Таков был традиционный обычай относительно таможенных пошлин. Еще Шардэн писал: «Что касается таможен, то эта статья дохода, которая везде в других местах составляет значительную часть бюджета, в Персии не много дает, вследствие того особенного внимания, каким во все времена пользовалась в ней торговля. Еще во время первого своего путешествия в Персию, в 1666 году, я обратил внимание на большую снисходительность персидских таможен. Право, в этих таможнях обращение с публикой было приятнее, чем в гостиных <…> Когда приставал к берегу корабль, крупные купцы секретно вступали в переговоры с начальником таможни: «Вы получите столько-то, – говорили они, – за пропуск таких-то товаров, которые находятся среди багажа». Так как «экипаж» в этой стране всегда громоздок, потому что необходимо возить с собой целое хозяйство, то можно среди своих пожитков провезти много кое-чего, и всегда среди них помещали самые дорогие товары под видом «экипажа» или багажа, таможни позволяли проносить самые ценные вещи; корабельный писец показывал свою книгу, в которой заключалась только часть истины, и купцы делали свои заявления сообразно с этими списками <…>

<…> Взявши на откуп таможню ближайшую к своему базару или финансируя ее откупщика, крупный купец имел в своих руках прекрасное средство для собственного обогащения и для разорения своих конкурентов, и особенно – конкурентов иностранных: он освобождал от пошлины свои транспорты, провозил их контрабандой, а чужим грузам старался принести вред: вследствие промедлений и придирок они залеживались и портились. Часто устраивался форменный разбой: товары, в ожидании контроля, сваливались в кучу на открытом воздухе, под солнцем и под дождем, плохо охраняемые днем и еще хуже – ночью.

Английский консул в Испагани писал в 1898 году: «Таможенные пошлины, уплате которых подлежат предметы импорта и экспорта, сильно варьируют даже для самих персов. Приходится платить не «ad valorem», a столько-то с груза, и это «столько-то» различно смотря по предметам, а не по их цене. Часть груза оплачивается при выгрузке в Бушире; остальная часть должна быть оплачена в Ширазе, Испаганн или другом каком-либо базаре; но она по дороге улетучивается. Что касается европейцев и турок, то они платят 5% (согласно условиям, предписанным русскими в их Туркманчайском договоре, в 1828 году, и после того распространенным на другие державы). Но в Керманшахе с турок требуют 8%; и в то время как европейцы платят 5% по экспорту опия, персы платят только около 2,5%.

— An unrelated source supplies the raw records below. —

(* Let $V$ be an upper probability on $(\Omega,\mathcal{F})$ and $\theta:\Omega\to\Omega$ a measurable map preserving $V$. Consider the statements: (i) $\theta$ is ergodic with respect to $V$; (ii) every bounded measurable $\xi:\Omega\to\mathbb{R}$ with $\xi(\theta\omega)=\xi(\omega)$ for all $\omega$ is constant quasi-surely; (iii) every measurable $\xi:\Omega\to\mathbb{R}$ with $\xi\circ\theta=\xi$ quasi-surely is constant quasi-surely. Then (iii) implies (ii) and (ii) implies (i). Moreover, if $V$ is continuous from below, then (ii) and (i) are equivalent; if $V$ is continuous, all three statements are equivalent.
   Context: An upper probability is $V(A)=\sup_{P\in\mathcal{P}}P(A)$ for a nonempty set $\mathcal{P}$ of finitely additive probabilities on $\mathcal{F}$. $\theta$ preserves $V$ if $V(\theta^{-1}A)=V(A)$ for all $A\in\mathcal{F}$. $V$ is continuous from below if $V(A_n)\to V(A)$ for $A_n\uparrow A$, and continuous if also $V(A_n)\to V(A)$ for $A_n\downarrow A$. A statement holds quasi-surely if it holds outside a set $A$ with $V(A)=0$; ''$\xi$ is constant quasi-surely'' means there is $c\in\mathbb{R}$ with $V(\{\xi\ne c\})=0$. $\theta$ is ergodic with respect to $V$ if for every $B\in\mathcal{F}$ with $\theta^{-1}B=B$: $V(B)\in\{0,1\}$, and $V(B)=0$ or $V(B^c)=0$. *)

From HB Require Import structures.
From mathcomp Require Import all_boot all_order all_algebra.
From mathcomp Require Import all_classical all_reals topology normedtype sequences measure lebesgue_stieltjes_measure lebesgue_measure.
Set Implicit Arguments. Unset Strict Implicit. Unset Printing Implicit Defensive.
Import Order.TTheory GRing.Theory Num.Theory.
Import numFieldNormedType.Exports.
Local Open Scope classical_set_scope.
Local Open Scope ring_scope.

Section Defs.
Context (d : measure_display) (T : measurableType d) (R : realType).

(* A finitely additive probability on the sigma-algebra F of T
   (only its values on measurable sets matter). *)
Definition fin_add_prob (P : set T -> R) : Prop :=
  [/\ forall A, measurable A -> 0 <= P A,
      P setT = 1 &
      forall A B, measurable A -> measurable B -> A `&` B = set0 ->
        P (A `|` B) = P A + P B].

Definition upper_prob (Ps : set (set T -> R)) (A : set T) : R :=
  sup [set P A | P in Ps].

Definition preserves (V : set T -> R) (theta : T -> T) : Prop :=
  forall A, measurable A -> V (theta @^-1` A) = V A.

Definition cont_below (V : set T -> R) : Prop :=
  forall A : nat -> set T, (forall n, measurable (A n)) ->
    (forall n, A n `<=` A n.+1) ->
    V (A n) @[n --> \oo] --> V (\bigcup_n A n).

Definition cont_above (V : set T -> R) : Prop :=
  forall A : nat -> set T, (forall n, measurable (A n)) ->
    (forall n, A n.+1 `<=` A n) ->
    V (A n) @[n --> \oo] --> V (\bigcap_n A n).

Definition cont (V : set T -> R) : Prop := cont_below V /\ cont_above V.

Definition quasi_surely (V : set T -> R) (Q : T -> Prop) : Prop :=
  exists A, [/\ measurable A, V A = 0 & forall w, ~ A w -> Q w].

Definition qs_constant (V : set T -> R) (xi : T -> R) : Prop :=
  exists c : R, V [set w | xi w <> c] = 0.

Definition ergodic (V : set T -> R) (theta : T -> T) : Prop :=
  forall B, measurable B -> theta @^-1` B = B ->
    (V B = 0 \/ V B = 1) /\ (V B = 0 \/ V (~` B) = 0).

Definition stmt_ii (V : set T -> R) (theta : T -> T) : Prop :=
  forall xi : T -> R, measurable_fun setT xi ->
    (exists M : R, forall w, `|xi w| <= M) ->
    (forall w, xi (theta w) = xi w) -> qs_constant V xi.

Definition stmt_iii (V : set T -> R) (theta : T -> T) : Prop :=
  forall xi : T -> R, measurable_fun setT xi ->
    quasi_surely V (fun w => xi (theta w) = xi w) -> qs_constant V xi.

End Defs.

(* (iii) => (ii) is immediate and (ii) => (i) applies (ii) to the indicator
   of an invariant set.  For (i) => (iii), let xi \o theta = xi outside a null
   set A.  A superlevel set B = {xi > r} is then invariant outside A, and
   B' = limsup_n theta^-n B is exactly invariant and agrees with B outside
   N = \bigcup_n theta^-n A, which is null because theta preserves V and V is
   continuous from below.  Ergodicity makes B', hence B, trivial, and then xi
   equals inf {r | V {xi > r} = 0} quasi-surely, by countable subadditivity on
   null sets. *)

From mathcomp Require Import all_boot all_order all_algebra.
From mathcomp Require Import all_classical all_reals topology normedtype sequences measure lebesgue_stieltjes_measure lebesgue_measure.
From mathcomp Require Import numfun measurable_realfun lra.
Set Implicit Arguments. Unset Strict Implicit. Unset Printing Implicit Defensive.
Import Order.TTheory GRing.Theory Num.Theory.
Import numFieldNormedType.Exports.
Local Open Scope classical_set_scope.
Local Open Scope ring_scope.

Section fin_add_prob_theory.
Context (d : measure_display) (T : measurableType d) (R : realType).
Variable P : set T -> R.
Hypothesis hP : fin_add_prob P.

Lemma fin_add_prob0 : P set0 = 0.
Proof.
case: hP => _ _ hadd; have := hadd set0 set0 measurable0 measurable0 (setI0 _).
rewrite setU0; lra.
Qed.

Lemma fin_add_probC A : measurable A -> P (~` A) = 1 - P A.
Proof.
move=> mA; case: hP => _ P1 hadd.
have := hadd A (~` A) mA (measurableC mA) (setICr A).
rewrite setUCr P1; lra.
Qed.

Lemma le_fin_add_prob A B : measurable A -> measurable B -> A `<=` B ->
  P A <= P B.
Proof.
move=> mA mB AB; case: hP => P0 _ hadd.
rewrite -(setDUK AB) (hadd _ _ mA (measurableD mB mA) (setDIK _ _)).
by rewrite lerDl P0 //; exact: measurableD.
Qed.

Lemma fin_add_prob_le1 A : measurable A -> P A <= 1.
Proof.
move=> mA; have := fin_add_probC mA; case: hP => P0 _ _.
have := P0 _ (measurableC mA); lra.
Qed.

Lemma fin_add_probU A B : measurable A -> measurable B ->
  P (A `|` B) <= P A + P B.
Proof.
move=> mA mB; case: (hP) => _ _ hadd.
rewrite -[A `|` B]setD0 -(setDv A) -setUDr.
rewrite (hadd _ _ mA (measurableD mB mA) (setDIK _ _)).
by rewrite lerD2l le_fin_add_prob //; exact: measurableD.
Qed.

End fin_add_prob_theory.

Section measurable_level_sets.
Context (d : measure_display) (T : measurableType d) (R : realType).
Variable f : T -> R.
Hypothesis mf : measurable_fun setT f.

Lemma measurable_superlevel r : measurable [set w | r < f w].
Proof.
have := mf measurableT (measurable_itv `]r, +oo[); rewrite setTI.
by congr measurable; apply/seteqP; split=> w /=; rewrite in_itv /= andbT.
Qed.

Lemma measurable_sublevel r : measurable [set w | f w < r].
Proof.
have := mf measurableT (measurable_itv `]-oo, r[); rewrite setTI.
by congr measurable; apply/seteqP; split=> w /=; rewrite in_itv.
Qed.

Lemma measurable_neq c : measurable [set w | f w <> c].
Proof.
by have := mf measurableT (measurableC (measurable_set1 c)); rewrite setTI.
Qed.

End measurable_level_sets.

Section orbit_limsup.
Context (T : Type) (theta : T -> T).

Definition orbit_limsup (B : set T) : set T :=
  \bigcap_m \bigcup_n (iter (n + m) theta @^-1` B).

Lemma preimage_orbit_limsup B : theta @^-1` orbit_limsup B = orbit_limsup B.
Proof.
apply/seteqP; split=> w /= Bw m _.
  have [n _ Bn] := Bw m I; exists n.+1 => //=.
  by move: Bn; rewrite /= -iterSr.
have [n _ Bn] := Bw m.+1 I; exists n => //=.
by move: Bn; rewrite /= addnS iterSr.
Qed.

Lemma orbit_limsup_qsE A B : (forall w, ~ A w -> (B (theta w) <-> B w)) ->
  forall w, ~ (\bigcup_n iter n theta @^-1` A) w -> (orbit_limsup B w <-> B w).
Proof.
move=> AB w orbit_notA.
have B_iter n : B (iter n theta w) <-> B w.
  elim: n => [//|n IHn] /=; rewrite -IHn; apply: AB => Aw.
  by apply: orbit_notA; exists n.
split=> [Bw | Bw m _]; last by exists 0%N => //; exact/B_iter.
by have [n _ Bn] := Bw 0%N I; exact/(B_iter (n + 0)%N).
Qed.

End orbit_limsup.

Section upper_probability.
Context (d : measure_display) (T : measurableType d) (R : realType).
Variable Ps : set (set T -> R).
Hypothesis hPs : forall P, Ps P -> fin_add_prob P.
Hypothesis hne : Ps !=set0.
Local Notation V := (upper_prob Ps).

Lemma upper_prob_ge P A : Ps P -> measurable A -> P A <= V A.
Proof.
move=> PP mA; apply: ub_le_sup; last by exists P.
by exists 1 => _ [Q PQ <-]; apply: fin_add_prob_le1 => //; exact: hPs.
Qed.

Lemma upper_prob_le A x : (forall P, Ps P -> P A <= x) -> V A <= x.
Proof.
move=> Ax; apply: ge_sup => [|_ [P PP <-]]; last exact: Ax.
by case: hne => P PP; exists (P A), P.
Qed.

Lemma upper_prob_ge0 A : measurable A -> 0 <= V A.
Proof.
move=> mA; case: hne => P PP; apply: le_trans (upper_prob_ge PP mA).
by case: (hPs PP) => P0 _ _; exact: P0.
Qed.

Lemma upper_prob_le1 A : measurable A -> V A <= 1.
Proof.
by move=> mA; apply: upper_prob_le => P PP; apply: fin_add_prob_le1 => //; exact: hPs.
Qed.

Lemma upper_probT : V setT = 1.
Proof.
apply/eqP; rewrite eq_le upper_prob_le1 //=; case: hne => P PP.
by apply: le_trans (upper_prob_ge PP measurableT); case: (hPs PP) => _ -> _.
Qed.

Lemma upper_prob0 : V set0 = 0.
Proof.
apply/eqP; rewrite eq_le upper_prob_ge0 // andbT.
by apply: upper_prob_le => P PP; rewrite fin_add_prob0 //; exact: hPs.
Qed.

Lemma le_upper_prob A B : measurable A -> measurable B -> A `<=` B ->
  V A <= V B.
Proof.
move=> mA mB AB; apply: upper_prob_le => P PP.
apply: le_trans (upper_prob_ge PP mB).
by apply: le_fin_add_prob => //; exact: hPs.
Qed.

Lemma upper_probU A B : measurable A -> measurable B ->
  V (A `|` B) <= V A + V B.
Proof.
move=> mA mB; apply: upper_prob_le => P PP.
apply: le_trans (fin_add_probU (hPs PP) mA mB) _.
by apply: lerD; exact: upper_prob_ge.
Qed.

Lemma upper_prob_nullS A B : measurable A -> measurable B -> B `<=` A ->
  V A = 0 -> V B = 0.
Proof.
move=> mA mB BA VA0; apply/eqP; rewrite eq_le upper_prob_ge0 // andbT -VA0.
exact: le_upper_prob.
Qed.

Lemma upper_prob_nullU A B : measurable A -> measurable B ->
  V A = 0 -> V B = 0 -> V (A `|` B) = 0.
Proof.
move=> mA mB VA0 VB0; apply/eqP; rewrite eq_le upper_prob_ge0 ?andbT.
  by have := upper_probU mA mB; rewrite VA0 VB0 addr0.
exact: measurableU.
Qed.

Lemma upper_prob_nullC A : measurable A -> V (~` A) = 0 -> V A = 1.
Proof.
move=> mA VC0; apply/eqP; rewrite eq_le upper_prob_le1 //=; case: hne => P PP.
apply: le_trans (upper_prob_ge PP mA).
have := upper_prob_ge PP (measurableC mA).
by rewrite VC0 fin_add_probC //; [lra | exact: hPs].
Qed.

Lemma upper_prob_null_bigcup (F : nat -> set T) : cont_below V ->
  (forall n, measurable (F n)) -> (forall n, V (F n) = 0) ->
  V (\bigcup_n F n) = 0.
Proof.
move=> Vcb mF VF0.
pose G n := \big[setU/set0]_(i < n.+1) F i.
have mG n : measurable (G n) by exact: bigsetU_measurable.
have GS n : G n.+1 = G n `|` F n.+1 by rewrite /G big_ord_recr.
have VG0 n : V (G n) = 0.
  elim: n => [|n IHn]; first by rewrite /G big_ord1.
  by rewrite GS; exact: upper_prob_nullU.
have G_incr n : G n `<=` G n.+1 by rewrite GS; exact: subsetUl.
rewrite -bigcup_bigsetU_bigcup -/G.
have := Vcb G mG G_incr; rewrite (_ : (fun n => V (G n)) = cst 0); last first.
  exact: funext.
by move=> VG_cvg; apply/esym; exact: cvg_unique (cvg_cst 0) VG_cvg.
Qed.

Lemma upper_prob_null_qsS N A B : measurable N -> measurable A -> measurable B ->
  V N = 0 -> (forall w, ~ N w -> A w -> B w) -> V B = 0 -> V A = 0.
Proof.
move=> mN mA mB VN0 AB VB0.
apply: upper_prob_nullS (upper_prob_nullU mB mN VB0 VN0) => //.
  exact: measurableU.
by move=> w Aw; have [Nw|Nw] := pselect (N w); [right | left; exact: AB Nw Aw].
Qed.

Section quasi_sure_constancy.
Hypothesis Vcb : cont_below V.
Variable xi : T -> R.
Hypothesis mxi : measurable_fun setT xi.
Hypothesis superlevel_trivial : forall r,
  V [set w | r < xi w] = 0 \/ V (~` [set w | r < xi w]) = 0.

Let S := [set r | V [set w | r < xi w] = 0].

Let S_ge r s : S r -> r <= s -> S s.
Proof.
move=> Sr rs; apply: upper_prob_nullS Sr; try exact: measurable_superlevel.
by move=> w; apply: le_lt_trans rs.
Qed.

Let upper_probT_neq0 : V setT <> 0.
Proof. by rewrite upper_probT; apply/eqP; rewrite oner_eq0. Qed.

Let S_neq0 : S !=set0.
Proof.
apply: contrapT => noS; apply: upper_probT_neq0.
rewrite (_ : setT = \bigcup_n ~` [set w | n%:R < xi w]).
  apply: upper_prob_null_bigcup => // n.
    exact/measurableC/measurable_superlevel.
  by have [Sn|//] := superlevel_trivial n%:R; exfalso; apply: noS; exists n%:R.
apply/seteqP; split=> w // _; exists (Num.truncn (xi w)).+1 => //=.
by apply/negP; rewrite -leNgt ltW // truncnS_gt.
Qed.

Let S_lbound : has_lbound S.
Proof.
have [n notSn] : exists n : nat, ~ S (- n%:R).
  apply/existsNP => Sn; apply: upper_probT_neq0.
  rewrite (_ : setT = \bigcup_n [set w | - n%:R < xi w]).
    by apply: upper_prob_null_bigcup => // n; exact: measurable_superlevel.
  apply/seteqP; split=> w // _; exists (Num.truncn (- xi w)).+1 => //=.
  by rewrite ltrNl truncnS_gt.
exists (- n%:R) => r Sr; rewrite leNgt; apply/negP => rn.
by apply: notSn; apply: S_ge Sr (ltW rn).
Qed.

Let superlevel_inf_null : V [set w | inf S < xi w] = 0.
Proof.
rewrite (_ : [set w | _] = \bigcup_k [set w | inf S + k.+1%:R^-1 < xi w]).
  apply: upper_prob_null_bigcup => // k; first exact: measurable_superlevel.
  have inf_lt_k : inf S < inf S + k.+1%:R^-1 by rewrite ltrDl invr_gt0 ltr0Sn.
  by have [r Sr /ltW] := inf_lt S_neq0 inf_lt_k; exact: S_ge.
apply/seteqP; split=> w /=; first by move=> /ltr_add_invr [k]; exists k.
by case=> k _; apply: lt_trans; rewrite ltrDl invr_gt0 ltr0Sn.
Qed.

В 1895 году заговорили об общем тарифе в 5% ad valorem, за который высказались испаганские купцы. Но в Ширазе возникла оппозиция: мелкие купцы стояли за реформу, видя невозможность конкуренции с крупными купцами, которые устраивали специальные сделки с таможенными досмотрщиками; но крупные купцы устроили стачку – закрыли базар, и правительство уступило.

В 1899 году был издан новый шахский указ об установлении 5%-ной пошлины ad valorem co всего ввоза и вывоза и со всех товаров, персидских или европейских. Снова ширазский базар запротестовал, и правительство положило свою реформу под сукно. Очень жаль, что не было опубликовано шестью месяцами ранее предварительное оповещение: вероятно, большинство купцов приняло бы этот тариф, который мог повредить базарам Бушира, Шираза, Керманшаха и др., но не причинил бы никаких убытков северным и центральным базарам, а казне принес бы большие доходы <…> Нечего слишком распространяться об этом – легко на двадцати примерах показать, как желательна эта реформа; улучшив положение правительства, она поставила бы европейцев и мелких туземных купцов на равную ногу с крупными»[195].

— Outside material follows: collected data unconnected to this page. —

(* Let $P$ be a finite $(3+1)$-free poset. For every $P$-tableau $T$ (of any partition shape), $\mathbf u_{\mathrm{colword}(T)}\equiv\mathbf u_{\mathrm{diagword}(T)}\pmod{I^P_{\mathrm{plac}}}$.
   Context: $a<_Pb$: strict order; $a\sim_Pb$: incomparable or equal. $\mathcal{U}_P=\mathbb{Z}\langle u_a:a\in P\rangle$, $\mathbf u_w=u_{w_1}\cdots u_{w_m}$. $I^P_{\mathrm{plac}}$ is generated by $u_bu_au_c-u_bu_cu_a$ ($a<_Pb$, $c\not<_Pb$, $a<_Pc$), $u_cu_au_b-u_au_cu_b$ ($b\not<_Pa$, $b<_Pc$, $a<_Pc$), $u_cu_au_b-u_bu_cu_a$ ($a\sim_Pb$, $b\sim_Pc$, $a<_Pc$). A $P$-tableau is a filling $T$ of a Young diagram (English notation) with $T(1,c)<_PT(2,c)<_P\cdots$ down each column and $T(r,c+1)\not<_PT(r,c)$ along each row. $\mathrm{colword}(T)$ reads each column bottom to top, columns left to right. $\mathrm{diagword}(T)$ reads each diagonal $\{(r,c):c-r=\text{const}\}$ in order of increasing $r$, concatenating diagonals in order of increasing $c-r$. *)

From HB Require Import structures.
From mathcomp Require Import all_boot all_order all_algebra.
Set Implicit Arguments. Unset Strict Implicit. Unset Printing Implicit Defensive.
Import Order.TTheory GRing.Theory Num.Theory.
Local Open Scope order_scope.

Section Defs.
Context {d : Order.disp_t} {P : finPOrderType d}.

Definition simP (a b : P) : bool := ~~ (a < b) && ~~ (b < a).

Definition free31 : Prop :=
  ~ exists a b c x : P, [/\ a < b, b < c, ~~ (a >=< x), ~~ (b >=< x) & ~~ (c >=< x)].

(* Elements of U_P = Z<u_a : a in P> are represented as their coefficient
   functions on words (finitely supported in all uses).  mon w = u_w. *)
Definition mon (w : seq P) : seq P -> int := fun v => Posz (v == w).

(* The binomial generators u_l - u_r of I^P_plac, given as pairs (l, r) of words *)
Definition plac_gen (l r : seq P) : Prop :=
  (exists a b c : P, [/\ a < b, ~~ (c < b), a < c, l = [:: b; a; c] & r = [:: b; c; a]])
  \/ (exists a b c : P, [/\ ~~ (b < a), b < c, a < c, l = [:: c; a; b] & r = [:: a; c; b]])
  \/ (exists a b c : P, [/\ simP a b, simP b c, a < c, l = [:: c; a; b] & r = [:: b; c; a]]).

(* f lies in the two-sided ideal generated by the generators: f is a finite
   Z-linear combination of elements u_x (u_l - u_r) u_y = u_{x l y} - u_{x r y}. *)
Definition in_plac_ideal (f : seq P -> int) : Prop :=
  exists s : seq (int * seq P * (seq P * seq P) * seq P),
    (forall t, t \in s -> plac_gen t.1.2.1 t.1.2.2) /\
    forall v, f v = (\sum_(t <- s)
        t.1.1.1 * (mon (t.1.1.2 ++ t.1.2.1 ++ t.2) v - mon (t.1.1.2 ++ t.1.2.2 ++ t.2) v))%R.

Definition plac_congr (v w : seq P) : Prop :=
  in_plac_ideal (fun x => (mon v x - mon w x)%R).

(* Tableaux are lists of rows (English notation, row 0 on top).
   Entry T(r,c) = nth (nth [::] T r) c (0-indexed). *)
Definition entry (T : seq (seq P)) (r c : nat) : option P := onth (nth [::] T r) c.

Definition is_Ptableau (T : seq (seq P)) : Prop :=
  [/\ sorted geq (map size T),
      all (fun row => 0 < size row)%N T,
      (forall r c a b, entry T r c = Some a -> entry T r.+1 c = Some b -> a < b)
      & (forall r c a b, entry T r c = Some a -> entry T r c.+1 = Some b -> ~~ (b < a))].

Definition column (T : seq (seq P)) (c : nat) : seq P := pmap (fun row => onth row c) T.

Definition colword (T : seq (seq P)) : seq P :=
  flatten [seq rev (column T c) | c <- iota 0 (size (nth [::] T 0))].

(* diagonal with c - r = k - size T, read by increasing r *)
Definition diagonal (T : seq (seq P)) (k : nat) : seq P :=
  pmap (fun r => if (size T <= r + k)%N then entry T r (r + k - size T) else None)
       (iota 0 (size T)).

Definition diagword (T : seq (seq P)) : seq P :=
  flatten [seq diagonal T k | k <- iota 0 (size T + size (nth [::] T 0))].

End Defs.

(* Read bottom to top, column j of a P-tableau is a strictly decreasing chain, and the
   diagonal word of the columns >= j arises from that of the columns >= j+1 by putting each
   entry of column j in front of the rest of its diagonal.  Moving the chain into place needs
   only the relation u_b u_a u_c = u_b u_c u_a: an entry y of a later diagonal travels left
   past the chain elements a above-left of it, and a < y because (3+1)-freeness lets the
   column inequalities propagate across the weak row conditions. *)
From HB Require Import structures.
From mathcomp Require Import all_boot all_order all_algebra.
From mathcomp Require Import zify ring.
Set Implicit Arguments. Unset Strict Implicit. Unset Printing Implicit Defensive.
Import Order.TTheory GRing.Theory.

Section SeqLemmas.
Variable A : Type.

Definition ocons (o : option A) (s : seq A) : seq A := if o is Some x then x :: s else s.

Lemma pmap_iotaS (f : nat -> option A) a L :
  pmap f (iota a L.+1) = ocons (f a) (pmap f (iota a.+1 L)).
Proof. by rewrite /=; case: (f a). Qed.

Lemma pmap_none (T : eqType) (f : T -> option A) s :
  {in s, forall r, f r = None} -> pmap f s = [::].
Proof.
elim: s => //= a s IH fs0; rewrite fs0 ?mem_head // IH // => r rs.
by rewrite fs0 // inE rs orbT.
Qed.

Lemma pmap_map (T U : Type) (f : U -> option A) (h : T -> U) s :
  pmap f (map h s) = pmap (f \o h) s.
Proof. by elim: s => //= a s ->. Qed.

<…> Вот донесение английского консула в Бушире в 1900 году: «С чувством некоторого удовлетворения можно отметить, что новая таможенная администрация под европейским контролем положила предел тому плачевному положению дел, которое я описывал в 1898 году, когда купцы, сдавшие товары в таможню, оказывались во власти бесчестных чиновников, присваивавших себе чужое имущество, обыкновенно при полной безнаказанности. Еще не покончили с требованиями английской торговли относительно пропажи грузов, но правительство занято этим вопросом. В купечестве возрождается доверие благодаря той безопасности, которой пользуются грузы, вверенные таможне; всякий ущерб или пропажа, должным образом доказанные, тотчас вознаграждаются.

«Однако же старая система имеет своих защитников, и причину этого не трудно найти. Главные купцы заключали с откупщиком таможни специальный договор, и с них взимались пошлины в значительно меньшем размере. В настоящее же время все должны платить, полностью по тарифу. Понадобится некоторое время для того, чтобы народ понял выгоду честной и для всех одинаковой таможни. Но если реформа окажется прочной и если наш энергичный директор Simais останется у дел, скоро будут введены улучшения в дело нагрузки и разгрузки судов, движения в порту и т. д. Остается пожелать одного, а именно, чтобы после таможен правительство реформировало юстицию; отсутствие истинной юстиции сильно чувствуется колонией английских купцов»[196].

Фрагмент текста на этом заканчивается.